Ах, к чему всё это? И это тоже не требует слов. Почти любой современный роман содержит образчики этого стиля, и там-то без труда можно с ними ознакомиться. С ее стороны обмана не было – была ошибка, однако ошибка досадная более для меня, чем для нее. Это, по крайней мере, она признавала. Я послужил ей прихожей в большой мир, а в прихожих не принято повышать голос, а полагается говорить тихо, как в церкви, или у постели больного, или в зале Лувра перед немым и великим приветом из глубины времен.
Ламб ехал на юг с целью уладить некоторые спорные вопросы относительно довольно значительного земельного владения, доставшегося ему от покойной тетки по завещанию, но формально, как это неожиданно выяснилось, ей не принадлежавшего. Земля оказалась заложена, но срок платежа еще не истек, а каким образом юридически не чистое имущество угодило в завещание, на то мог дать ответ один лишь стряпчий, его составлявший, но тоже умерший почти сразу же вслед за маркизой де Флермон-Лабри, родной теткой по матери моего приятеля, который теперь спешил распутать клубок и своим собственным присутствием устранить кое-какие неприятные последствия, связанные с этой историей. Нам предстояло прибыть в маленький городок Мериньяк, в окрестностях которого лежали эти угодья, что нам и удалось с Божьей помощью в одиннадцать дней.
* * *
Мериньяк, маленький низенький городишко, улегся среди бескрайних виноградников, прилепившись к самым – ныне рассыпавшимся и растащенным по кирпичу – стенам Бордо. Некогда обитатели Мериньяка искали защиты под этими мощными громадами. Но времена изменились, настал век просвещения, или – по-другому – век обогащения, и лавочники подняли свои стяги над новорожденной мэрией бывшего робкого пригорода. Теперь буржуа гордились незаконнорожденным городским гербом, торговой палатой, собственной почтой, а также гостиницей, которая и вправду редко пустовала.

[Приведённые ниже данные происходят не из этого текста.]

(* For every integer $n\geq 9$ with $n\equiv 2 \pmod 7$, there exists a simple plane graph $G$ on $n$ vertices containing neither $K_4$ nor $C_5$ as a subgraph such that $e(G)=\frac{15}{7}(n-2)$.
   Context: $K_4$ is the complete graph on $4$ vertices, $C_5$ the cycle on $5$ vertices; $e(G)$ is the number of edges of $G$. *)

From HB Require Import structures.
From mathcomp Require Import all_boot all_order all_algebra.
From mathcomp Require Import all_classical all_reals topology normedtype.
Set Implicit Arguments. Unset Strict Implicit. Unset Printing Implicit Defensive.
Import Order.TTheory GRing.Theory Num.Theory.
Import numFieldNormedType.Exports.

Definition simple_graph (n : nat) (e : rel 'I_n) : Prop :=
  (forall u, ~~ e u u) /\ (forall u v, e u v = e v u).

Definition nedges (n : nat) (e : rel 'I_n) : nat :=
  #|[set p : 'I_n * 'I_n | (p.1 < p.2)%N && e p.1 p.2]|.

Definition has_K4 (n : nat) (e : rel 'I_n) : Prop :=
  exists f : 'I_4 -> 'I_n, injective f /\ (forall i j, i != j -> e (f i) (f j)).

Definition has_C5 (n : nat) (e : rel 'I_n) : Prop :=
  exists f : 'I_5 -> 'I_n, injective f /\
    (forall i : 'I_5, e (f i) (f (ordS i))).

Local Open Scope ring_scope.

Definition unit_interval (R : realType) (t : R) : Prop := 0 <= t <= 1.
Definition open_unit_interval (R : realType) (t : R) : Prop := 0 < t < 1.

Гостиница эта (кстати сказать, единственная) отчего-то показалась Ламбу невыносимо убогой, и, если принять во внимание известные склонности, свойственные обладателям особняков в Сен-Жерменском предместье, таковой она и была. Особенно раздражила Ламба простоватая любезность хозяина, и он вышел из ее дверей в негодовании. В итоге было решено воспользоваться приглашением стряпчего, г-на Троссера, который должен был руководить делами Ламба и чей дом, построенный, верно, еще в эпоху Беарнца, украшенный затейливыми башенками и сплошь затянутый плющом, на вид являлся одним из замечательных и превосходнейших в Мериньяке. К дому тесно примыкал садик – такой густой, что с другого конца выпуклой площади казался одной купой. Комнаты, которые г-н Троссер предоставил к нашим услугам, и впрямь оказались поприличней тех, какие утром по первому на них взгляду живо воскресили в нашей памяти «шикарное» заведение Найтаки, тоже на юге, но не королевства, а империи. Они обе располагались во втором этаже – первый занимала контора, – и их узкие и длинные окна выходили в сад, кончавшийся глухой стеной соседнего строения. Стена пестрила разноцветной кладкой, тона – красно-бурые, коричневые, темно-песочные, кирпичные, серые – представляли своими сочетаниями некую теплую гармонию, уютное равновесие, приятное глазу, и сгущали синеву весеннего неба, косо обрезанного черепичной крышей. Только что распустившийся сад излучал тончайшие ароматы первой свежести, и запах молодой сирени, смешанный с еще неверным очарованием розовых бутонов, достигал наших окон. Внутренность моей комнаты была обделана навощенным деревом, потолки составились из дубовых квадратов, старинные прочные отполированные мебели – массивная кровать, увенчанная на спинках готическими пирамидками, рассохшийся комод, стянутый железными пластинами, два коренастые и жесткие стула, пузатый секретер – имели вид добрых и аккуратных слуг, а медный кувшин, древний, как и сам дом, возвышавшийся на приземистой почерневшей тумбе, выказывал сразу и величие, и простоту. Эта непритязательная обстановка была очень под стать простой и грубой кладке стен и изобличала бесхитростные нравы его обитателей. Мы попали в покойную провинциальную обитель тишины, уюта и, верно, каких-нибудь обязательных семейных преданий, сохраняемых бережно и любовно вместе с выбитыми скатертями, простынями, пожелтевшими от долгого лежания в шкапах, и салфетками, накрахмаленными так, что и не лезут за ворот и спадают с колен листом бумаги.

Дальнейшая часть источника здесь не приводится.